Task description:
Copy each line from the listing below where the word "intros" shows up.

****************

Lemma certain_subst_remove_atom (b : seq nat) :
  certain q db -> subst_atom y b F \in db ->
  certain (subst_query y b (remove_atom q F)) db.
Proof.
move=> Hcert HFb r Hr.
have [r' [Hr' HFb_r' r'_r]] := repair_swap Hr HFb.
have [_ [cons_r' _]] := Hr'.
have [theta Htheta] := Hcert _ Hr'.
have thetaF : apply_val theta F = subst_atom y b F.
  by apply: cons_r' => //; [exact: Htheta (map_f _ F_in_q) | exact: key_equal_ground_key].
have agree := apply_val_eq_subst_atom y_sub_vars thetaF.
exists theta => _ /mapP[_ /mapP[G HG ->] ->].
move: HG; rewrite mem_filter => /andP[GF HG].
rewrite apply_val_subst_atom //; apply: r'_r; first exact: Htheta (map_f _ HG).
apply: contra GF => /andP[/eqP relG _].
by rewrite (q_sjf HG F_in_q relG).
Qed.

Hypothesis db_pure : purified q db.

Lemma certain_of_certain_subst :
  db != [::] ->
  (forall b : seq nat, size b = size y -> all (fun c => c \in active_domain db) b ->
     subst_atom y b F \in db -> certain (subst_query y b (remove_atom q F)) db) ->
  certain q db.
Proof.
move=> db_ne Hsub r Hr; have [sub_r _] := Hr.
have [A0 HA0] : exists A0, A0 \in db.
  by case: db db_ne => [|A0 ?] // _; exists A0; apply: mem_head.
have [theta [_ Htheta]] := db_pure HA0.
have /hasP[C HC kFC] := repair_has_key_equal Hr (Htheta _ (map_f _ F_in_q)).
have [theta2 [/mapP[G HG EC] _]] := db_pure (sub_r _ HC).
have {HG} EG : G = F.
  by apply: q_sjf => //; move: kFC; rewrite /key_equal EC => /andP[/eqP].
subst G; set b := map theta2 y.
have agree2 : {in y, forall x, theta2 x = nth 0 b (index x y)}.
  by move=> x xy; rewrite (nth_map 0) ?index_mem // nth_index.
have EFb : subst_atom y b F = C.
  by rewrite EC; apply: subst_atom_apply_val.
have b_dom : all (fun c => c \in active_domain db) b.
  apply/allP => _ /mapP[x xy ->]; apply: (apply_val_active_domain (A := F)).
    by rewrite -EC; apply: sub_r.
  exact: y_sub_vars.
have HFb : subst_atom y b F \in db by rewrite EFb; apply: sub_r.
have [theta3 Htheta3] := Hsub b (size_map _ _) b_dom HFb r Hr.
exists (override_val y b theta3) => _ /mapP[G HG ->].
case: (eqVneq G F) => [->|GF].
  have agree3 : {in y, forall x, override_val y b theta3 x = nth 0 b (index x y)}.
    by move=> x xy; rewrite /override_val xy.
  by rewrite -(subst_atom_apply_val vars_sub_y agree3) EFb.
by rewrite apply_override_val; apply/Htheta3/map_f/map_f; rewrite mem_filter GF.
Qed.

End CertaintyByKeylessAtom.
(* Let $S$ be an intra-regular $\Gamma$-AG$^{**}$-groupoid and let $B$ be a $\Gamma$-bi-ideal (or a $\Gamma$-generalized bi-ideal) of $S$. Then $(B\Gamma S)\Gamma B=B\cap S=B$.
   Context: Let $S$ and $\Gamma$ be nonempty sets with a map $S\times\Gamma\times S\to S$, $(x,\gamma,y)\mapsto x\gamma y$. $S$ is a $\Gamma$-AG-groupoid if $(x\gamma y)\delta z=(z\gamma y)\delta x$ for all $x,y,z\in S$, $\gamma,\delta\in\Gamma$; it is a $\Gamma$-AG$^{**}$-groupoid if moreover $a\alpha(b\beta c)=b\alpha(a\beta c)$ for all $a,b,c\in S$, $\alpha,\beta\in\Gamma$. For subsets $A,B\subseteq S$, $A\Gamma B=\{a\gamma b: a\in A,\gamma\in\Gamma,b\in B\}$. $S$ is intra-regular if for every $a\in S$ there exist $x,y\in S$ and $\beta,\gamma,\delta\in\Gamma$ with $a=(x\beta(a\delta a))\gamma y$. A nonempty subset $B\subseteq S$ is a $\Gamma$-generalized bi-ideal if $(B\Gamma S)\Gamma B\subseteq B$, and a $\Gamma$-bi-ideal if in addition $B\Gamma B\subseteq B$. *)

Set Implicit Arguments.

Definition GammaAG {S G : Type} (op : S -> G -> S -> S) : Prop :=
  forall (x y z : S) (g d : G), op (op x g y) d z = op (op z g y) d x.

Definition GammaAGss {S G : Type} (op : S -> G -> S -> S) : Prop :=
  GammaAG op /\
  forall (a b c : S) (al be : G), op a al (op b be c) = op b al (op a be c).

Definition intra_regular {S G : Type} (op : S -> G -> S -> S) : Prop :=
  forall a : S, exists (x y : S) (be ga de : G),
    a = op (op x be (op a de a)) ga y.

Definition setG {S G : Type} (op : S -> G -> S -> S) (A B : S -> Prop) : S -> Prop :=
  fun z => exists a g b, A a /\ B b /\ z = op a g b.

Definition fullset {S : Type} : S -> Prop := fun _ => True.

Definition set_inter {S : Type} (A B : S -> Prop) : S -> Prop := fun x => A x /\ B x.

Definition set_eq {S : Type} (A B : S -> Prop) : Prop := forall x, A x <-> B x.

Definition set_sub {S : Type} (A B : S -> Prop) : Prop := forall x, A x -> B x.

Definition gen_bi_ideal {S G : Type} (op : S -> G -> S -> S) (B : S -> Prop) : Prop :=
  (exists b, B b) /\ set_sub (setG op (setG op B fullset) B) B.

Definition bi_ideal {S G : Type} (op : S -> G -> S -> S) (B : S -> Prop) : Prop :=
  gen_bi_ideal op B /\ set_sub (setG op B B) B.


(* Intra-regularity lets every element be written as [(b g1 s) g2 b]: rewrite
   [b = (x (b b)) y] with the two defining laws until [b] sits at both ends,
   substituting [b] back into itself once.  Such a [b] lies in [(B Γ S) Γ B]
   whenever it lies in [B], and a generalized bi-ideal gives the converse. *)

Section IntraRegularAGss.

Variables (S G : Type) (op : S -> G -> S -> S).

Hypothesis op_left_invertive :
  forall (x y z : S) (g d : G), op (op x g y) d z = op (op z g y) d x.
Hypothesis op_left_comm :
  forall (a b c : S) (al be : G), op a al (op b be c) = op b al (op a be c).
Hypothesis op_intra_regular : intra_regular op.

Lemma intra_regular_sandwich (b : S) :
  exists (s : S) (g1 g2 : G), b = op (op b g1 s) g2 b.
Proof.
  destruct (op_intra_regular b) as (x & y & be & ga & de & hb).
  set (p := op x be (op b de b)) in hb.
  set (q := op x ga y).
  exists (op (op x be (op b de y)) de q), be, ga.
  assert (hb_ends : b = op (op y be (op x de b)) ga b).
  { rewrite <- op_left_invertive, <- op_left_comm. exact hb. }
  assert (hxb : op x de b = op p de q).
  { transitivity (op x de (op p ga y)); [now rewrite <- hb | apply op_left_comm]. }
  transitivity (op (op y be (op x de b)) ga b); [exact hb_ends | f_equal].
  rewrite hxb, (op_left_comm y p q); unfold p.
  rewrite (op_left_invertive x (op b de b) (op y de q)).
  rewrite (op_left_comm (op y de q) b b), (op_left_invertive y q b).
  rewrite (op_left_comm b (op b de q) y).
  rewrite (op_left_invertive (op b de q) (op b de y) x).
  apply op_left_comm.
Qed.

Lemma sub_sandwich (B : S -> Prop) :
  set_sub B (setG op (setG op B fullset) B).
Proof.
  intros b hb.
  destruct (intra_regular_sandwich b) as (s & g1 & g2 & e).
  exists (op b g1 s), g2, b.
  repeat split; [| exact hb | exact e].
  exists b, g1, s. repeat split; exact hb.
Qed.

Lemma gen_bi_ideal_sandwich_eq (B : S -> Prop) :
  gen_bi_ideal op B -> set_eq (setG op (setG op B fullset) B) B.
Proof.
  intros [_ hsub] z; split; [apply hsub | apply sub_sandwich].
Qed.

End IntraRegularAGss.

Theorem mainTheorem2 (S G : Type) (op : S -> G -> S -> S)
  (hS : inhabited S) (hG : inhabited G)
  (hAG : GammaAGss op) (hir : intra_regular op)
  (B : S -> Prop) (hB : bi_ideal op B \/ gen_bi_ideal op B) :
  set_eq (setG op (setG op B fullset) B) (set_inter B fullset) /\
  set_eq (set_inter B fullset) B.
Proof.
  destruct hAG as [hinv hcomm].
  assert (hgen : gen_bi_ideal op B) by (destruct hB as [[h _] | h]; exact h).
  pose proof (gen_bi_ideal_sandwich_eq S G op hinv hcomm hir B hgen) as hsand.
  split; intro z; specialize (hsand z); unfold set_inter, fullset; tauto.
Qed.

****************

Written answer:
  intros b hb.
  intros [_ hsub] z; split; [apply hsub | apply sub_sandwich].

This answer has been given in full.